Report every line of the records beneath this task that holds the string "move".

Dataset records
= = = = =
Theorem proposition3
  (* residue characteristic p and q = p^f *)
  (p f : nat) (hp : prime p) (hf : (0 < f)%N)
  (* coefficient field E (char 0) with valuation ring O_E, p not a unit *)
  (E : fieldType) (O : pred E)
  (hchar : forall n : nat, (n.+1)%:R != 0 :> E)
  (hO : valuation_ring O) (hpO : (p%:R : E)^-1 \notin O)
  (* the standard module I_A(chi) with canonical generator Phi, presented as *)
  (* a 6-dimensional H_E-module generated by a vector on which A acts by chi *)
  (t s1 : 'M[E]_6) (phi : 'cV[E]_6)
  (hH : hecke_rels (p ^ f) t s1)
  (y1 y2 y3 : E) (hy1 : y1 != 0) (hy2 : y2 != 0) (hy3 : y3 != 0)
  (hY1 : Y1op (p ^ f) t s1 *m phi = y1 *: phi)
  (hY2 : Y2op t s1 *m phi = y2 *: phi)
  (hY3 : Y3op (p ^ f) t s1 *m phi = y3 *: phi)
  (hgen : forall v, cyc_span predT t s1 phi v)
  (* chi is ordinary *)
  (hord : ordinary O (p ^ f) y1 y2 y3)
  (* choice of branch for q(w,y) *)
  (b : bool) (hb : if b then y2^-1 \in O else y2 \in O) :
  (* L(chi) = H_{O_E} Phi *)
  (forall v, Lspan O b (p ^ f) y1 y2 t s1 phi v <-> cyc_span O t s1 phi v)
  (* the q(w,y) T_w Phi are E-linearly independent (hence an E-basis of the *)
  (* 6-dimensional module and an O_E-basis of L(chi)) *)
  /\ (forall c : S3w -> E,
        \sum_(w <- S3_all) (c w * qwy b (p ^ f) y1 y2 w) *: (Tw t s1 w *m phi) = 0 ->
        forall w, c w = 0)
  (* L(chi) is H_{O_E}-stable *)
  /\ (forall v, Lspan O b (p ^ f) y1 y2 t s1 phi v ->
        [/\ Lspan O b (p ^ f) y1 y2 t s1 phi (t *m v),
            Lspan O b (p ^ f) y1 y2 t s1 phi (invmx t *m v) &
            Lspan O b (p ^ f) y1 y2 t s1 phi (s1 *m v)]).
Proof.
have q_neq0 : ((p ^ f)%:R : E) != 0.
  have q_gt0 : (0 < p ^ f)%N by rewrite expn_gt0 prime_gt0.
  by rewrite -(prednK q_gt0) hchar.
case: hord => [[y123_int y123_inv_int] [[_ q_y12_inv_int] _]
  [[_ q_y1_inv_int] [[q_y2_int q_y2_inv_int] _]] [y1_int _]].
split; [|split].
- by move=> v; apply: (Lspan_eq_cyc_span (y3 := y3)).
- by move=> c; apply: (qwy_Twcomb_eq0 (y3 := y3)).
- by move=> v; apply: (Lspan_H_stable (y3 := y3)).
Qed.
Lemma related_init :
  (forall s' : {s | P s}, M0 N' s' = M0 N (val s')) ->
  related (M0 N, [::]) (M0 N', [::]).
Proof.
move=> HM0; split=> //=.
- by apply: (reachable_eq (reach_init _)) => s; rewrite mpre_nil addn0.
- by apply: (reachable_eq (reach_init _)) => s; rewrite mpre_nil addn0.
exists ([::], [::]) => // s; rewrite /seff /eff /= !mpre_nil !mpost_nil.
case Ps: (P s); last by rewrite !(ext_out Ps); lia.
by rewrite !(ext_in Ps) /= mpre_nil HM0; lia.
Qed.

Lemma related_tau M U q t M1 :
  related (M, U) q -> lab N t = None -> fire N M t M1 -> related (M1, U) q.
Proof.
case: q => M' U' [/= eL reach' reach [G emptyG bal]] lt [en ft]; split=> //=.
  by apply: (reach_step (t := t) reach); split=> s /=; have := en s; have := ft s; lia.
exists (t :: G.1, G.2).
  by move=> a; rewrite /lcount /= lt; exact: emptyG.
move=> s; have := bal s; have := en s; have := ft s.
by rewrite /seff /eff /= mpre_cons mpost_cons; lia.
Qed.

Lemma related_start M U M' U' t t' a :
  related (M, U) (M', U') -> lab N t = Some a -> lab N' t' = Some a ->
  enabled N M t -> enabled N' M' t' ->
  related (fun s => M s - pre N s t, rcons U t) (fun s => M' s - pre N' s t', rcons U' t').
Proof.
move=> [/= eL reach' reach [G emptyG bal]] lt lt' en en'; split=> /=.
- by rewrite !map_rcons eL lt lt'.
- by apply: (reachable_eq reach') => s; rewrite mpre_rcons; have := en' s; lia.
- by apply: (reachable_eq reach) => s; rewrite mpre_rcons; have := en s; lia.
exists G => // s; have := bal s; have := en s; rewrite mpre_rcons.
case Ps: (P s); last by rewrite !(ext_out Ps); lia.
by rewrite !(ext_in Ps) /= mpre_rcons; have := en' (exist _ s Ps); lia.
Qed.

Hypothesis plain_N' : plain N'.
Hypothesis visible_twin : forall t : T, lab N t <> None ->
  exists (t' : T') (G : seq T),
    [/\ lab N' t' = lab N t, lab_empty N (G, [::]) &
        forall s, ext 0%R (eff N' [:: t']) s = eff N (t :: G) s].
Definition bracket_rem1 (p y : R) : R :=
  (- 2520 + 3360*p - 2100*p^2 + 602*p^3 - 63*p^4 + p^5 - 21000*y + 45360*y*p - 33894*y*p^2
   + 10710*y*p^3 - 1196*y*p^4 + 20*y*p^5 - 88200*y^2 + 225624*y^2*p - 199794*y^2*p^2
   + 70828*y^2*p^3 - 8613*y^2*p^4 + 155*y^2*p^5 - 194880*y^3 + 542304*y^3*p - 531840*y^3*p^2
   + 212760*y^3*p^3 - 28924*y^3*p^4 + 580*y^3*p^5 - 211680*y^4 + 617760*y^4*p
   - 644760*y^4*p^2 + 281520*y^4*p^3 - 43884*y^4*p^4 + 1044*y^4*p^5 - 86400*y^5
   + 259200*y^5*p - 280800*y^5*p^2 + 129600*y^5*p^3 - 22320*y^5*p^4 + 720*y^5*p^5) /
  (p ^ 6 * ((1 + 1*y)*(1 + 2*y)*(1 + 3*y)*(1 + 4*y)*(1 + 5*y)*(1 + 6*y))).

Lemma f_r_1_bigO (p : R) : 0 < p < 1 ->
  bigO_inv_pow (fun n => INR n * p * f_r p 1 n - bracket1 p n) 6.
Proof.
  intros Hp.
  apply (bigO_inv_pow_ext _ (fun n => (INR n * p) ^ 1 * bin_mean p n (inv_pow 1) - bracket1 p n)).
  { intros n _; now rewrite <- f_r_INR, pow_1. }
  apply (inv_pow_mean_expansion p 1 6 (fun k => stirling1 k 1) _ inv_pow_rem1 (bracket_rem1 p));
    [auto | lia | | | |].
  - unfold inv_pow_rem1; derivable_rational.
  - unfold bracket_rem1; pose proof (pow_lt p 6 ltac:(lra)); derivable_rational.
  - unfold inv_pow_rem1; expansion_identity.
  - unfold bracket1, bracket_rem1; expansion_identity.
Qed.

Definition bracket2 (p : R) (n : nat) : R :=
  let q := 1 - p in
  1 + 3 * q / (INR n * p) + q * (4 + 7 * q) / (INR n * p) ^ 2
  + 5 * q * (1 + 6 * q + 3 * q ^ 2) / (INR n * p) ^ 3
  + q * (6 + 91 * q + 146 * q ^ 2 + 31 * q ^ 3) / (INR n * p) ^ 4.

Definition inv_pow_rem2 (y : R) : R :=
  (1764 + 720*y) / ((1 + y)*(1 + 2*y)*(1 + 3*y)*(1 + 4*y)*(1 + 5*y)*(1 + 6*y)).

Definition bracket_rem2 (p y : R) : R :=
  (- 5754 + 7000*p - 3850*p^2 + 903*p^3 - 63*p^4 - 47950*y + 94500*y*p - 62139*y*p^2
   + 16065*y*p^3 - 1196*y*p^4 - 201390*y^2 + 470050*y^2*p - 366289*y^2*p^2 + 106242*y^2*p^3
   - 8613*y^2*p^4 - 444976*y^3 + 1129800*y^3*p - 975040*y^3*p^2 + 319140*y^3*p^3
   - 28924*y^3*p^4 - 483336*y^4 + 1287000*y^4*p - 1182060*y^4*p^2 + 422280*y^4*p^3
   - 43884*y^4*p^4 - 197280*y^5 + 540000*y^5*p - 514800*y^5*p^2 + 194400*y^5*p^3
   - 22320*y^5*p^4) /
  (p ^ 6 * ((1 + 1*y)*(1 + 2*y)*(1 + 3*y)*(1 + 4*y)*(1 + 5*y)*(1 + 6*y))).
= = = = =
## SOLVED PROBLEM
- by move=> v; apply: (Lspan_eq_cyc_span (y3 := y3)).
- by move=> c; apply: (qwy_Twcomb_eq0 (y3 := y3)).
- by move=> v; apply: (Lspan_H_stable (y3 := y3)).
move=> HM0; split=> //=.
  by move=> a; rewrite /lcount /= lt; exact: emptyG.
move=> s; have := bal s; have := en s; have := ft s.
move=> [/= eL reach' reach [G emptyG bal]] lt lt' en en'; split=> /=.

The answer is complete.